Summary: Argument to exec occasionally incorrectly copied as NULL
Product: Red Hat Enterprise Linux 5 Reporter: Marc Milgram <mmilgram>
Component: kernelAssignee: Red Hat Kernel Manager <kernel-mgr>
Status: CLOSED DUPLICATE QA Contact: Red Hat Kernel QE team <kernel-qe>
Severity: high Docs Contact:
Priority: high    
Version: 5.5   
Target Milestone: rc   
Target Release: ---   
Hardware: s390   
OS: Unspecified   
Whiteboard:
Fixed In Version: Doc Type: Bug Fix
Doc Text:
Story Points: ---
Clone Of: Environment:
Last Closed: 2011-03-29 14:14:34 UTC Type: ---
Regression: --- Mount Type: ---
Documentation: --- CRM:
Verified Versions: Category: ---
oVirt Team: --- RHEL 7.3 requirements from Atomic Host:
Cloudforms Team: --- Target Upstream Version:

Description Marc Milgram 2011-03-15 18:43:12 UTC
Description of problem:
Customer has a shell script wrapper around /bin/kill.  This is called about once a second with the arguments:
  killwrapper -0 <pid>

It is used to test if a given process is still running.

We used a systemtap script to determine the command lines.

In two cases, the call to exec for the kill wrapper had the expected arguments, but when the exec for the real kill command was called, the command line for the kill wrapper showed that one of the arguments was NULL instead of the original value.

The kill wrapper didn't modify its command line arguments.  When its first argument is not the expected argument, it writes data to a file.  In the observed cases, it did not write data.
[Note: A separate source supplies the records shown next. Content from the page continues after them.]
(* Let $S$ be a regular semigroup with apartness satisfying assumption (CD$_S$), and let $\kappa$ be a co-congruence on $S$. Then $\kappa$ is idempotent separating if and only if $\tilde{\mathcal H}\subset\kappa$.
   Context: Constructive (intuitionistic) mathematics. A semigroup with apartness is a semigroup with an apartness relation $\#$ (irreflexive, symmetric, cotransitive: $x\#z\Rightarrow(x\#y\vee y\#z)$) such that $xy\#zw\Rightarrow(x\#z\vee y\#w)$. $S$ is regular if every $a\in S$ has some $x$ with $axa=a$. A co-congruence is a relation $\kappa\subset\#$ that is symmetric, cotransitive and co-compatible: $(ax)\kappa(by)\Rightarrow(a\kappa b\vee x\kappa y)$. It is idempotent separating if $e\#f\Rightarrow e\kappa f$ for all idempotents $e,f$. $S^1=S\sqcup\{1\}$, $1$ an identity, $1\#s$ for all $s$. $a\succ_l b\Leftrightarrow\forall_{s\in S^1}(a\#sb)$; $a\succ_r b\Leftrightarrow\forall_{s\in S^1}(a\#bs)$; $\tilde{\mathcal L}=(\succ_l)\cup(\succ_l)^{-1}$, $\tilde{\mathcal R}=(\succ_r)\cup(\succ_r)^{-1}$, $\tilde{\mathcal H}=\tilde{\mathcal L}\cup\tilde{\mathcal R}$. Assumption (CD$_S$): for every predicate $P(x)$ of the form $u(x)\#v$ or $\forall_s(u(s,x)\#v)$ ($u,v$ terms built by multiplication from variables and elements of $S^1$, $x$ not occurring in $v$), and every $Q$ of the form $u\#v$, $\forall_s(u(s)\#v)$ or $\forall_{s,t}(u(s,t)\#v)$ ($x$ not occurring in $u,v$; $s,t$ not in $v$), the implication $\forall_x(P(x)\vee Q)\Rightarrow(\forall_xP(x))\vee Q$ holds. *)

Record ApSemigroup := {
  carrier :> Type;
  mul : carrier -> carrier -> carrier;
  ap : carrier -> carrier -> Prop;
  mulA : forall x y z, mul x (mul y z) = mul (mul x y) z;
  ap_irrefl : forall x, ~ ap x x;
  ap_sym : forall x y, ap x y -> ap y x;
  ap_cotrans : forall x y z, ap x z -> ap x y \/ ap y z;
  mul_strext : forall x y z w, ap (mul x y) (mul z w) -> ap x z \/ ap y w
}.

Arguments mul {a} _ _ : rename.
Arguments ap {a} _ _ : rename.

Section Defs.
Variable S : ApSemigroup.

Definition regular : Prop := forall a : S, exists x : S, mul (mul a x) a = a.

Definition idempotent (e : S) : Prop := mul e e = e.

(** S^1 = S + {1}; [None] is the adjoined identity 1. *)
Definition S1 := option S.

Definition mul1 (a b : S1) : S1 :=
  match a, b with
  | None, _ => b
  | _, None => a
  | Some x, Some y => Some (mul x y)
  end.

Definition ap1 (a b : S1) : Prop :=
  match a, b with
  | None, None => False
  | None, Some _ => True
  | Some _, None => True
  | Some x, Some y => ap x y
  end.

Definition lmul1 (s : S1) (b : S) : S := match s with None => b | Some x => mul x b end.
Definition rmul1 (b : S) (s : S1) : S := match s with None => b | Some x => mul b x end.

Definition succ_l (a b : S) : Prop := forall s : S1, ap a (lmul1 s b).
Definition succ_r (a b : S) : Prop := forall s : S1, ap a (rmul1 b s).

Definition Ltilde (a b : S) : Prop := succ_l a b \/ succ_l b a.
Definition Rtilde (a b : S) : Prop := succ_r a b \/ succ_r b a.
Definition Htilde (a b : S) : Prop := Ltilde a b \/ Rtilde a b.

Definition cocongruence (k : S -> S -> Prop) : Prop :=
  (forall a b, k a b -> ap a b) /\
  (forall a b, k a b -> k b a) /\
  (forall x y z, k x z -> k x y \/ k y z) /\
  (forall a b x y, k (mul a x) (mul b y) -> k a b \/ k x y).

Definition idempotent_separating (k : S -> S -> Prop) : Prop :=
  forall e f : S, idempotent e -> idempotent f -> ap e f -> k e f.

Inductive term (V : Type) : Type :=
| TVar (v : V)
| TConst (c : S1)
| TMul (t1 t2 : term V).

Arguments TVar {V} _.
Arguments TConst {V} _.
Arguments TMul {V} _ _.

Fixpoint eval {V : Type} (rho : V -> S1) (t : term V) : S1 :=
  match t with
  | TVar v => rho v
  | TConst c => c
  | TMul t1 t2 => mul1 (eval rho t1) (eval rho t2)
  end.

Inductive V_x := vx.
Inductive V_s := vs.
Inductive V_sx := vs_sx | vx_sx.
Inductive V_st := vs_st | vt_st.

Definition env0 : Empty_set -> S1 := fun e => match e with end.

(** Predicates P(x): u(x) # v, or forall s, u(s,x) # v (x not in v). *)
Inductive Pform :=
| PAp (u : term V_x) (v : term Empty_set)
| PAll (u : term V_sx) (v : term V_s).

Definition Peval (p : Pform) (x : S) : Prop :=
  match p with
  | PAp u v => ap1 (eval (fun _ => Some x) u) (eval env0 v)
  | PAll u v => forall s : S1,
      ap1 (eval (fun w => match w with vs_sx => s | vx_sx => Some x end) u)
          (eval (fun _ => s) v)
  end.

(** Propositions Q (x does not occur): u # v, forall s, u(s) # v,
    forall s t, u(s,t) # v (s, t not in v). *)
Inductive Qform :=
| QAp (u v : term Empty_set)
| QAll1 (u : term V_s) (v : term Empty_set)
| QAll2 (u : term V_st) (v : term Empty_set).

Definition Qeval (q : Qform) : Prop :=
  match q with
  | QAp u v => ap1 (eval env0 u) (eval env0 v)
  | QAll1 u v => forall s : S1, ap1 (eval (fun _ => s) u) (eval env0 v)
  | QAll2 u v => forall s t : S1,
      ap1 (eval (fun w => match w with vs_st => s | vt_st => t end) u) (eval env0 v)
  end.

Definition CD_S : Prop :=
  forall (P : Pform) (Q : Qform),
    (forall x : S, Peval P x \/ Qeval Q) -> (forall x : S, Peval P x) \/ Qeval Q.

End Defs.


(* (<=) If e # f for idempotents e, f, then cotransitivity through ef gives
   e # ef or ef # f; idempotency then yields e ≻_l f or f ≻_r e, so e H~ f.

   (=>) Let a ≻_l b and axa = a.  Put e = xa (idempotent), c = xb, let z be an
   inverse of cc and g = czc (idempotent).  Since ag = (axbzx)b and a = ae,
   a ≻_l b gives ae # ag, hence e # g, hence e κ g.  A co-congruence cannot
   separate an idempotent e from c unless it separates c from cc, and the
   sandwich identity cc z cc = cc reduces c κ g to c κ cc; either way e κ c,
   i.e. xa κ xb, and cancelling x gives a κ b.  The case a ≻_r b is the same
   argument in the opposite semigroup. *)

Section Apartness.
Variable S : ApSemigroup.

Lemma ap_cancel_l (u a b : S) : ap (mul u a) (mul u b) -> ap a b.
Proof.
  intro H. destruct (mul_strext S _ _ _ _ H) as [Hu | Hab]; [|exact Hab].
  exfalso; exact (ap_irrefl S u Hu).
Qed.

Lemma ap_cancel_r (u a b : S) : ap (mul a u) (mul b u) -> ap a b.
Proof.
  intro H. destruct (mul_strext S _ _ _ _ H) as [Hab | Hu]; [exact Hab|].
  exfalso; exact (ap_irrefl S u Hu).
Qed.

Lemma idempotent_ap_Htilde (e f : S) :
  idempotent S e -> idempotent S f -> ap e f -> Htilde S e f.
Proof.
  unfold idempotent. intros He Hf Hef.
  destruct (ap_cotrans S e (mul e f) f Hef) as [He_ef | Hef_f].
  - (* e ≻_l f, because sf = (sf)f *)
    left; left. intros [s|]; simpl; [|exact Hef].
    destruct (ap_cotrans S e (mul s f) _ He_ef) as [H | H]; [exact H|].
    assert (Hsff : ap (mul (mul s f) f) (mul e f)) by (rewrite <- mulA, Hf; exact H).
    apply ap_sym. exact (ap_cancel_r f _ _ Hsff).
  - (* f ≻_r e, because es = e(es) *)
    right; right. intros [s|]; simpl; [|exact (ap_sym S _ _ Hef)].
    apply ap_sym in Hef_f.
    destruct (ap_cotrans S f (mul e s) _ Hef_f) as [H | H]; [exact H|].
    assert (Hees : ap (mul e (mul e s)) (mul e f)) by (rewrite mulA, He; exact H).
    apply ap_sym. exact (ap_cancel_l e _ _ Hees).
Qed.
End Apartness.

Section Regular.
Variable S : ApSemigroup.

Lemma regular_inverse (Hreg : regular S) (a : S) :
  exists z : S, mul (mul a z) a = a /\ mul (mul z a) z = z.
Proof.
  destruct (Hreg a) as [w Hw].
  exists (mul (mul w a) w). split.
  - replace (mul (mul a (mul (mul w a) w)) a) with (mul (mul (mul a w) a) (mul w a))
      by (rewrite !mulA; reflexivity).
    rewrite Hw, mulA. exact Hw.
  - replace (mul (mul (mul (mul w a) w) a) (mul (mul w a) w))
      with (mul (mul w (mul (mul (mul (mul a w) a) w) a)) w)
      by (rewrite !mulA; reflexivity).
    rewrite Hw, Hw. reflexivity.
Qed.

Lemma sandwich_idempotent (c z : S) :
  mul (mul z (mul c c)) z = z -> idempotent S (mul (mul c z) c).
Proof.
  unfold idempotent. intro Hz.
  replace (mul (mul (mul c z) c) (mul (mul c z) c))
    with (mul (mul c (mul (mul z (mul c c)) z)) c) by (rewrite !mulA; reflexivity).
  rewrite Hz. reflexivity.
Qed.
End Regular.

Section Cocongruence.
Variable S : ApSemigroup.
Variable k : S -> S -> Prop.
Hypothesis Hk : cocongruence S k.

Lemma cc_irrefl (a : S) : ~ k a a.
Proof. destruct Hk as [Hap _]. intro H. exact (ap_irrefl S a (Hap _ _ H)). Qed.

Lemma cc_sym (a b : S) : k a b -> k b a.
Proof. destruct Hk as [_ [Hsym _]]. apply Hsym. Qed.

Lemma cc_cotrans (a b c : S) : k a c -> k a b \/ k b c.
Proof. destruct Hk as [_ [_ [Hcot _]]]. apply Hcot. Qed.

Lemma cc_compat (a b x y : S) : k (mul a x) (mul b y) -> k a b \/ k x y.
Proof. destruct Hk as [_ [_ [_ Hcomp]]]. apply Hcomp. Qed.

Lemma cc_cancel_l (u a b : S) : k (mul u a) (mul u b) -> k a b.
Proof.
  intro H. destruct (cc_compat _ _ _ _ H) as [Hu | Hab]; [|exact Hab].
  exfalso; exact (cc_irrefl u Hu).
Qed.

Lemma cc_cancel_r (u a b : S) : k (mul a u) (mul b u) -> k a b.
Proof.
  intro H. destruct (cc_compat _ _ _ _ H) as [Hab | Hu]; [exact Hab|].
  exfalso; exact (cc_irrefl u Hu).
Qed.

(* If k separates c from its square, it separates c from every idempotent:
   route c κ cc through e = ee and cancel. *)
Lemma cc_square_idempotent (e c : S) : idempotent S e -> k c (mul c c) -> k e c.
Proof.
  intros He H. destruct (cc_cotrans _ e _ H) as [Hce | Hecc].
  - exact (cc_sym _ _ Hce).
  - rewrite <- He in Hecc.
    destruct (cc_compat _ _ _ _ Hecc); assumption.
Qed.

Lemma cc_sandwich_square (c z : S) :
  mul (mul (mul c c) z) (mul c c) = mul c c ->
  k c (mul (mul c z) c) -> k c (mul c c).
Proof.
  intros Hz H.
  destruct (cc_cotrans _ (mul c c) _ H) as [Hcc | Hcc_g]; [exact Hcc|].
  rewrite <- Hz in Hcc_g.
  apply cc_sym.
  destruct (cc_cotrans _ (mul (mul (mul c c) z) c) _ Hcc_g) as [H1 | H2].
  - (* cczcc κ cczc: cancel the common left factor ccz *)
    exact (cc_cancel_l _ _ _ H1).
  - (* cczc κ czc, i.e. (cc)(zc) κ c(zc): cancel zc *)
    replace (mul (mul (mul c c) z) c) with (mul (mul c c) (mul z c)) in H2
      by (rewrite !mulA; reflexivity).
    replace (mul (mul c z) c) with (mul c (mul z c)) in H2
      by (rewrite !mulA; reflexivity).
    exact (cc_cancel_r _ _ _ H2).
Qed.

Lemma cc_sandwich_idempotent (e c z : S) : idempotent S e ->
  mul (mul (mul c c) z) (mul c c) = mul c c ->
  k e (mul (mul c z) c) -> k e c.
Proof.
  intros He Hz H.
  destruct (cc_cotrans _ c _ H) as [Hec | Hcg]; [exact Hec|].
  exact (cc_square_idempotent _ _ He (cc_sandwich_square _ _ Hz Hcg)).
Qed.

Lemma succ_l_cocongruence (Hreg : regular S) (Hsep : idempotent_separating S k)
  (a b : S) : succ_l S a b -> k a b.
Proof.
  intro Hab. destruct (Hreg a) as [x Hx].
  set (c := mul x b).
  destruct (regular_inverse S Hreg (mul c c)) as [z [Hz1 Hz2]].
  assert (He : idempotent S (mul x a)).
  { unfold idempotent.
    replace (mul (mul x a) (mul x a)) with (mul x (mul (mul a x) a))
      by (rewrite !mulA; reflexivity).
    rewrite Hx. reflexivity. }
  assert (Hg := sandwich_idempotent S c z Hz2).
  (* a ≻_l b with s = axbzx gives a(xa) # a(czc) *)
  assert (Hap : ap (mul x a) (mul (mul c z) c)).
  { apply (ap_cancel_l S a).
    specialize (Hab (Some (mul (mul (mul (mul a x) b) z) x))); simpl in Hab.
    rewrite mulA, Hx.
    replace (mul a (mul (mul c z) c)) with (mul (mul (mul (mul (mul a x) b) z) x) b)
      by (unfold c; rewrite !mulA; reflexivity).
    exact Hab. }
  apply (cc_cancel_l x).
  exact (cc_sandwich_idempotent _ _ _ He Hz1 (Hsep _ _ He Hg Hap)).
Qed.
End Cocongruence.

Definition opposite (S : ApSemigroup) : ApSemigroup.
Proof.
  refine {| carrier := S; mul := fun x y => mul y x; ap := @ap S |}.
  - intros x y z. symmetry. apply mulA.
  - apply ap_irrefl.
  - apply ap_sym.
  - apply ap_cotrans.
  - intros x y z w H. destruct (mul_strext S _ _ _ _ H); auto.
Defined.

Section Opposite.
Variable S : ApSemigroup.
Variable k : S -> S -> Prop.

Lemma regular_opposite : regular S -> regular (opposite S).
Proof.
  intros Hreg a. destruct (Hreg a) as [x Hx].
  exists x. simpl. rewrite mulA. exact Hx.
Qed.

Lemma cocongruence_opposite : cocongruence S k -> cocongruence (opposite S) k.
Proof.
  intros [Hap [Hsym [Hcot Hcomp]]].
  split; [exact Hap | split; [exact Hsym | split; [exact Hcot|]]].
  intros a b x y H. destruct (Hcomp _ _ _ _ H); auto.
Qed.

Lemma idempotent_separating_opposite :
  idempotent_separating S k -> idempotent_separating (opposite S) k.
Proof. intros Hsep e f. exact (Hsep e f). Qed.

Lemma succ_r_opposite (a b : S) : succ_r S a b -> succ_l (opposite S) a b.
Proof. intros H s. exact (H s). Qed.
End Opposite.

Lemma succ_r_cocongruence (S : ApSemigroup) (k : S -> S -> Prop)
  (Hk : cocongruence S k) (Hreg : regular S) (Hsep : idempotent_separating S k)
  (a b : S) : succ_r S a b -> k a b.
Proof.
  intro Hab.
  exact (succ_l_cocongruence (opposite S) k (cocongruence_opposite S k Hk)
    (regular_opposite S Hreg) (idempotent_separating_opposite S k Hsep)
    a b (succ_r_opposite S a b Hab)).
Qed.

Theorem mainTheorem19 (S : ApSemigroup) (Hreg : regular S) (Hcd : CD_S S)
  (k : S -> S -> Prop) (Hk : cocongruence S k) :
  idempotent_separating S k <-> (forall a b : S, Htilde S a b -> k a b).
Proof.
  split.
  - intros Hsep a b [[Hl | Hl] | [Hr | Hr]].
    + exact (succ_l_cocongruence S k Hk Hreg Hsep a b Hl).
    + exact (cc_sym S k Hk _ _ (succ_l_cocongruence S k Hk Hreg Hsep b a Hl)).
    + exact (succ_r_cocongruence S k Hk Hreg Hsep a b Hr).
    + exact (cc_sym S k Hk _ _ (succ_r_cocongruence S k Hk Hreg Hsep b a Hr)).
  - intros HH e f He Hf Hef. exact (HH e f (idempotent_ap_Htilde S e f He Hf Hef)).
Qed.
Version-Release number of selected component (if applicable):
kernel-2.6.18-194.3.1.el5.s390

How reproducible:
Difficult to reproduce.  Reproduces at customer site every 2 weeks to 2 months using Oracle clustering

Steps to Reproduce:
1. Run Oracle rac clustering between several nodes
2. Beat on it for several weeks
  
Actual results:
Cluster nodes evicted

Expected results:
Cluster remains running

Additional info:
There is plenty of memory available.

Comment 5 Marc Milgram 2011-03-29 14:14:34 UTC
Supposedly the machines in question didn't have a problem with the -194 kernel, but have a problem with the -194.3.1 kernel.  This may be a regression caused by the fix for BZ 545527.

This appears to have been fixed in the -238 kernel with BZ 627298.

*** This bug has been marked as a duplicate of bug 627298 ***